I give you the Stanford rapist Brock Turner sentenced to a mere six months in jail by a judge who cited his fathers’ positive character reference and plea that his son should not be punished for “20 minutes of action”.

I give you Harvey Weinstein’s supporters booing and heckling a female comic who called out the (alleged) rapist elephant in the room after Weinstein turned up unannounced at a stand-up night for up-and-coming performers in New York earlier this year. Poor Weinstein, a representative said, invoking a need for would-be himpathisers to understand the poor man was just “trying to find solace in his life that has been turned upside down”.

Here in Australia, I give you Seven’s soft focus Sunday Night interview with Barnaby Joyce and his new partner Vikki Campion last year, in which he was given ample opportunity to discuss the terrible strain his own infidelity had put him under (poor Barnaby), but there was no mention of the allegations of sexual harassment levelled at him by rural advocate and businesswoman Catherine Marriott. I’ll just add that should anyone wonder where we might find a high concentration of himpathisers, perhaps the good people of New England’s choice to re-elect Joyce after his affair and the allegations of sexual misconduct became public knowledge might give us a clue.

Yet, however soul-destroying these recent examples might be, there’s hope for us yet.

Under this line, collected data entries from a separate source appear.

Definition sech_pow_d1 (g a B s x : R) : R :=
  sech_pow g a B s x * (- g * B * sinh (B * x + s) / cosh (B * x + s)).

Definition sech_pow_d2 (g a B s x : R) : R :=
  sech_pow g a B s x *
    (B * B * (g * g - g * (g + 1) / (cosh (B * x + s) * cosh (B * x + s)))).

Section SechPow.

Variables g a B s : R.

Lemma is_derive_sech_pow (x : R) : is_derive (sech_pow g a B s) x (sech_pow_d1 g a B s x).
Proof.
  unfold sech_pow, sech_pow_d1. pose proof (cosh_pos (B * x + s)) as Hc.
  unfold cosh, sinh in *. auto_derive; [lra|].
  unfold sech_pow, cosh. match goal with |- ?lhs = ?rhs => change (@eq R lhs rhs) end.
  unfold Rminus, Rdiv. field. lra.
Qed.

Lemma is_derive_sech_pow_d1 (x : R) :
  is_derive (sech_pow_d1 g a B s) x (sech_pow_d2 g a B s x).
Proof.
  unfold sech_pow_d1, sech_pow_d2, sech_pow. pose proof (cosh_pos (B * x + s)) as Hc.
  unfold cosh, sinh in *. auto_derive; [lra|].
  unfold sech_pow, cosh. match goal with |- ?lhs = ?rhs => change (@eq R lhs rhs) end.
  unfold Rminus, Rdiv. rewrite !exp_Ropp in *.
  set (w := exp (B * x + s)) in *. assert (0 < w) by apply exp_pos.
  field. split; nra.
Qed.

Lemma Derive_sech_pow (x : R) : Derive (sech_pow g a B s) x = sech_pow_d1 g a B s x.
Proof. apply is_derive_unique, is_derive_sech_pow. Qed.

Lemma Derive2_sech_pow (x : R) :
  Derive (Derive (sech_pow g a B s)) x = sech_pow_d2 g a B s x.
Proof.
  rewrite (Derive_ext _ _ _ Derive_sech_pow).
  apply is_derive_unique, is_derive_sech_pow_d1.
Qed.

End SechPow.

Definition gam (p : R) : R := 2 / (p - 2).
Definition kap (p : R) : R := sqrt (p / 2).

Lemma gam_pos (p : R) : 2 < p -> 0 < gam p.
Proof. intros Hp. unfold gam. apply Rdiv_lt_0_compat; lra. Qed.

Lemma kap_gt_1 (p : R) : 2 < p -> 1 < kap p.
Proof. intros Hp. unfold kap. rewrite <- sqrt_1. apply sqrt_lt_1; lra. Qed.

Lemma kap_sq (p : R) : 2 < p -> kap p * kap p = p / 2.
Proof. intros Hp. unfold kap. apply sqrt_sqrt. lra. Qed.

(* [(exp r * kap p * sech (exp r / gam p * x + s)) ^ gam p], the soliton of
   [u'' + u ^ (p - 1) = exp r * exp r * u] translated by [s]. *)
Definition soliton (p r s : R) : R -> R :=
  sech_pow (gam p) (r + ln (kap p)) (exp r / gam p) s.

Definition mass_density (p y : R) : R := exp (2 * gam p * (ln (kap p) - ln (cosh y))).
Definition kinetic_density (p y : R) : R :=
  mass_density p y * ((sinh y / cosh y) * (sinh y / cosh y)).
Definition potential_density (p y : R) : R := exp (p * gam p * (ln (kap p) - ln (cosh y))).

Lemma continuous_exp_sech_pow (c l y : R) :
  continuous (fun y => exp (c * (l - ln (cosh y)))) y.
Proof.
  apply (ex_derive_continuous (K := R_AbsRing) (V := R_NormedModule)).
  pose proof (cosh_pos y). unfold cosh in *. auto_derive. lra.
Qed.

Lemma continuous_kinetic_density (p y : R) : continuous (kinetic_density p) y.
Proof.
  apply (ex_derive_continuous (K := R_AbsRing) (V := R_NormedModule)).
  pose proof (cosh_pos y). unfold kinetic_density, mass_density, cosh, sinh in *.
  auto_derive. repeat split; lra.
Qed.

Section DensityBounds.

Variable p : R.
Hypothesis p_gt_2 : 2 < p.

Let C := exp (2 * gam p * (ln (kap p) + ln 2)).

Lemma mass_density_bound (y : R) :
  Rabs (mass_density p y) <= C * exp (- (2 * gam p) * y).
Proof.
  pose proof (gam_pos p p_gt_2).
  rewrite Rabs_pos_eq by (left; apply exp_pos). apply exp_sech_pow_bound. lra.
Qed.

Lemma kinetic_density_bound (y : R) :
  Rabs (kinetic_density p y) <= C * exp (- (2 * gam p) * y).
Proof.
  pose proof (mass_density_bound y) as Hm. pose proof (tanh_sq_le_1 y).
  pose proof (Rabs_pos (mass_density p y)).
  unfold kinetic_density. rewrite Rabs_mult, (Rabs_pos_eq (_ * _)) by nra. nra.
Qed.

Lemma potential_density_bound (y : R) :
  Rabs (potential_density p y) <=
    exp (p * gam p * (ln (kap p) + ln 2)) * exp (- (p * gam p) * y).
Proof.
  pose proof (gam_pos p p_gt_2).
  rewrite Rabs_pos_eq by (left; apply exp_pos). apply exp_sech_pow_bound. nra.
Qed.

End DensityBounds.

Section Soliton.

Variables p r : R.
Hypothesis p_gt_2 : 2 < p.

Lemma soliton_nls (s x : R) :
  Derive (Derive (soliton p r s)) x + Rpower (soliton p r s x) (p - 1) =
  exp r * exp r * soliton p r s x.
Proof.
  unfold soliton. rewrite Derive2_sech_pow. unfold sech_pow_d2, Rpower.
  set (P := sech_pow (gam p) (r + ln (kap p)) (exp r / gam p) s x).
  unfold P at 2. unfold sech_pow. rewrite ln_exp.
  set (E := cosh (exp r / gam p * x + s)).
  assert (HE : 0 < E) by apply cosh_pos.
  pose proof (kap_gt_1 p p_gt_2) as Hk. pose proof (kap_sq p p_gt_2) as Hk2.
  (* [(p - 2) * gam p = 2], so [P ^ (p - 2) = exp (2 r) * kap p ^ 2 / E ^ 2]. *)
  replace ((p - 1) * (gam p * (r + ln (kap p) - ln E))) with
    (gam p * (r + ln (kap p) - ln E) + (r + r + ln (kap p) + ln (kap p) + - ln E + - ln E))
    by (unfold gam; field; lra).
  rewrite exp_plus.
  change (exp (gam p * (r + ln (kap p) - ln E))) with P.
  rewrite !exp_plus, !exp_Ropp, !exp_ln by lra.
  set (X := exp r). assert (0 < X) by apply exp_pos.
  replace (/ E * / E) with (/ (E * E)) by (field; lra).
  rewrite !Rmult_assoc, <- (Rmult_assoc (kap p) (kap p)), Hk2.
  unfold gam. field. repeat split; lra.
Qed.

Manne suggested we might be approaching a “himpathy reckoning” following Brett Kavanaugh’s fraught confirmation to the US Supreme Court, which saw Christine Blasey Ford, who accused Kavanaugh of sexual assault, subjected to hours of gruelling testimony and cross-examination while US President Donald Trump went on and on about how Kavanaugh was “not a man who deserves this”.

Maybe we had reached peak “himpathy”?

We’re in a moment during which himpathy is so thoroughly on display, in such a public way, that the time is ripe to push for a mass moral reckoning,” Manne wrote in the New York Times. Shame Prince Andrew didn’t get the memo.

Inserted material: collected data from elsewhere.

Definition FG := {w : seq letter | reduced w}.
Definition mkFG (w : seq letter) : FG := exist _ (norm w) (norm_reduced w).
Definition fe : FG := mkFG [::].
Definition fmul (u v : FG) : FG := mkFG (val u ++ val v).
Definition finv (u : FG) : FG := mkFG (rev (map linv (val u))).
Definition gen (x : G) : FG := mkFG [:: (x, true)].

Definition positive (u : FG) : bool := all (fun a : letter => a.2) (val u).
Definition fle (s t : FG) : Prop := positive (fmul (finv s) t).

Definition FGset := FG -> Prop.

(* convex: contains the geodesic (in the Cayley tree) between any two elements:
   the vertices w * p, p a prefix of the reduced word w^{-1} v. *)
Definition convex (xi : FGset) : Prop :=
  forall w v, xi w -> xi v ->
    forall k, xi (fmul w (mkFG (take k (val (fmul (finv w) v))))).

Variable A : G -> G -> bool.

Definition OmegaTau (xi : FGset) : Prop :=
  [/\ xi fe, convex xi,
      (forall w y1 y2, xi w -> xi (fmul w (gen y1)) -> xi (fmul w (gen y2)) -> y1 = y2)
    & (forall w y, xi w -> xi (fmul w (gen y)) ->
        forall x, xi (fmul w (finv (gen x))) <-> A x y)].

Definition unbounded (xi : FGset) : Prop :=
  ~ exists t, forall s, xi s -> fle s t.

(* closure in OmegaTau (product topology on subsets of F) of the unbounded elements *)
Definition Omega (xi : FGset) : Prop :=
  OmegaTau xi /\
  forall F : seq FG, exists eta, [/\ OmegaTau eta, unbounded eta &
                                   forall s, s \in F -> (eta s <-> xi s)].

Definition Delta (t : FG) (xi : FGset) : Prop := Omega xi /\ xi t.

(* f : D -> Z continuous for the (subspace of the) product topology, Z discrete *)
Definition contOn (D : FGset -> Prop) (f : FGset -> int) : Prop :=
  forall xi, D xi -> exists F : seq FG, forall eta, D eta ->
     (forall s, s \in F -> (eta s <-> xi s)) -> f eta = f xi.

Definition ext (D : FGset -> Prop) (f : FGset -> int) (xi : FGset) : int :=
  if pselect (D xi) then f xi else 0%R.

Definition translate (x : FG) (xi : FGset) : FGset := fun s => xi (fmul (finv x) s).

Definition alpha_inv (x : G) (f : FGset -> int) (xi : FGset) : int :=
  if pselect (Delta (finv (gen x)) xi) then f (translate (gen x) xi) else 0%R.

(* L_alpha applied to the family f, supported on the (finite) list S *)
Definition Lalpha (S : seq G) (f : G -> FGset -> int) (xi : FGset) : int :=
  (\sum_(x <- S) (ext (Delta (gen x)) (f x) xi - alpha_inv x (f x) xi))%R.

Inductive InRing : (G -> int) -> Prop :=
| InR1 : InRing (fun _ => 1%R)
| InRdelta i : InRing (fun j => Posz (nat_of_bool (j == i)))
| InRrho i : InRing (fun j => Posz (nat_of_bool (A i j)))
| InRadd h1 h2 : InRing h1 -> InRing h2 -> InRing (fun j => h1 j + h2 j)%R
| InRopp h : InRing h -> InRing (fun j => - h j)%R
| InRmul h1 h2 : InRing h1 -> InRing h2 -> InRing (fun j => h1 j * h2 j)%R.

(* sigma(xi)_1 : Some y if y \in xi (y in G), None (= star) if xi \cap G is empty *)
Definition SigmaRel (xi : FGset) (o : option G) : Prop :=
  match o with Some y => xi (gen y) | None => forall y, ~ xi (gen y) end.

(* hat h (o, R) = v : h is eventually v on the points (j, c_j) near (o, R) in
   tilde G x {0,1}^G, with tilde G = G \cup {star} the one-point compactification
   of the discrete set G. *)
Definition HatLim (h : G -> int) (o : option G) (R : G -> Prop) (v : int) : Prop :=
  exists K F : seq G, forall j,
    (match o with Some y => j = y | None => j \notin K end) ->
    (forall i, i \in F -> (A i j <-> R i)) -> h j = v.

(* psi(h)(xi) = hat h (sigma(xi)_1, R_xi(e)), R_xi(e) = {x : x^{-1} \in xi} *)
Definition psi (h : G -> int) (xi : FGset) : int :=
  epsilon (inhabits 0%R) (fun v => exists o, SigmaRel xi o /\
                               HatLim h o (fun i => xi (finv (gen i))) v).

End FreeGroup.

From HB Require Import structures.
From mathcomp Require Import all_boot all_algebra.
From mathcomp Require Import boolp ring.
From mathcomp Require Import finmap mathcomp_extra classical_sets topology_structure compact.
From mathcomp Require Import function_spaces bool_topology discrete_topology.
From Stdlib Require Import ClassicalEpsilon.

(* A continuous [g] on [Omega A] only depends on which words of some finite set
   [F] an element contains, by compactness of [Omega A] in the product topology.
   Induct on the length of the longest word of [F].  If it is at most 1, then
   [g xi] is a function of [sigma(xi)_1] and of finitely many bits
   [x^-1 \in xi], which are the bits [A x y] when [sigma(xi)_1 = y]; such a
   function is [psi h] for some [h] in the ring generated by the [delta_i] and
   [rho_i].  Otherwise let [K] be the generators [x] starting a word of [F] and
   subtract [L_alpha] of the restrictions of [g] to the [Delta_x], [x \in K].
   The part [g - sum_x 1_(Delta_x) g] vanishes as soon as [xi] contains some
   [x \in K], hence never sees a word starting with such an [x].  The part
   [g (x xi)] reads [s \in F] as [x^-1 s \in xi], which is shorter if [s]
   starts with [x] and is otherwise forced by [A], because [x xi] contains [x].
   So the difference depends only on words one letter shorter. *)

Set Implicit Arguments.
Unset Strict Implicit.
Unset Printing Implicit Defensive.
Import GRing.Theory.

Section FreeGroup.
Variable G : eqType.
Local Notation letter := (letter G).
Local Notation FG := (FG G).

Lemma linvK : involutive (@linv G).
Proof. by case=> x []. Qed.

Lemma reduced_behead (a : letter) w : reduced (a :: w) -> reduced w.
Proof. by case: w => //= b w /andP[]. Qed.

Lemma reduced_ohead (a : letter) w : reduced (a :: w) -> ohead w != Some (linv a).
Proof. by case: w => //= b w /andP[nb _]; apply: contra nb => /eqP[->]. Qed.

Lemma norm_id (w : seq letter) : reduced w -> norm w = w.
Proof.
elim: w => //= a w IH Hr; rewrite IH; last exact: reduced_behead Hr.
by case: w Hr {IH} => //= b w /andP[nb _]; rewrite (negbTE nb).
Qed.

Lemma all_norm (P : pred letter) w : all P w -> all P (norm w).
Proof.
elim: w => //= a w IH /andP[Pa /IH]; case: (norm w) => [|b u] /=; first by rewrite Pa.
by case/andP=> Pb Pu; case: ifP => _ //=; rewrite Pa Pb Pu.
Qed.

(* [rcat u w] is the reduced form of [u ++ w] when [w] is reduced. *)
Definition rcat (u w : seq letter) := foldr (@cons_red G) w u.

Lemma rcat_cat u v w : rcat (u ++ v) w = rcat u (rcat v w).
Proof. by rewrite /rcat foldr_cat. Qed.

Lemma norm_cat u v : norm (u ++ v) = rcat u (norm v).
Proof. by rewrite /norm foldr_cat. Qed.

Lemma rcat_reduced u w : reduced w -> reduced (rcat u w).
Proof. by elim: u => //= a u IH Hw; apply/cons_red_reduced/IH. Qed.

Lemma cons_red_linv (a : letter) w : reduced w ->
  cons_red a (cons_red (linv a) w) = w.
Proof.
case: w => [|b w] /=; first by rewrite eqxx.
case: ifP => [/eqP|_ _]; last by rewrite /= eqxx.
rewrite linvK => <-.
by case: w => [|c w] //= /andP[nc _]; rewrite (negbTE nc).
Qed.

Lemma rcat_cons_red a r w : reduced r -> reduced w ->
  rcat (cons_red a r) w = cons_red a (rcat r w).
Proof.
case: r => [|b r] //= Hr Hw; case: ifP => // /eqP ->.
by rewrite cons_red_linv // rcat_reduced.
Qed.

Lemma rcat_norm u w : reduced w -> rcat (norm u) w = rcat u w.
Proof.
move=> Hw; elim: u => //= a u IH.
by rewrite rcat_cons_red ?IH ?norm_reduced.
Qed.

Lemma rcat_linv u w : reduced w -> rcat (rev (map (@linv G) u)) (rcat u w) = w.
Proof.
move=> Hw; elim: u => //= a u IH.
rewrite rev_cons -cats1 rcat_cat /=.
have := cons_red_linv (linv a) (rcat_reduced u Hw).
by rewrite linvK => ->.
Qed.

Lemma val_mkFG_reduced (w : seq letter) : reduced w -> val (mkFG w) = w.
Proof. exact: norm_id. Qed.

A powerful man credibly accused of sexual misconduct and his himpathisers will erase or dismiss the perspective of his accusers, which is exactly what Prince Andrew did when asked about Epstein’s many victims and specifically about the then 17 year old Virginia Roberts Giuffre’s claim that she was forced to have sex with Prince Andrew.

“I have no recollection of ever meeting this lady, none whatsoever,” he said. When asked if he had a message for Giuffre, he replied: “I don’t have a message for her because I have to have a thick skin”. When asked if he had any guilt, regret or shame about any of his behaviour and his friendship with Epstein, he responded, “it had some seriously beneficial outcomes in areas that have nothing … to do with what I would describe as what we’re talking about today.”

Most damningly, Prince Andrew couldn’t even bring himself to say the words sexual abuse, instead suggesting Mr. Epstein was guilty of “conduct unbecoming”.

How could he, you ask? Why wouldn’t he, I say. It’s right out of the himpathy handbook.

But the swift condemnation of the British establishment, the media and palace, including the Queen herself, who yesterday agreed the Prince should “step back” from public duty, is perhaps the clearest indication yet that Manne’s predicted, or at least much hoped for, himpathy reckoning may be upon us.

Just over two years on from #MeToo going viral – two years that have seen repeated calls for “culture change” – and a week after #MeToo founder Tarana Burke travelled to Australia to accept the Sydney Peace Prize on behalf of the movement, a visit in which she echoed such calls for change, maybe we’re finally getting somewhere.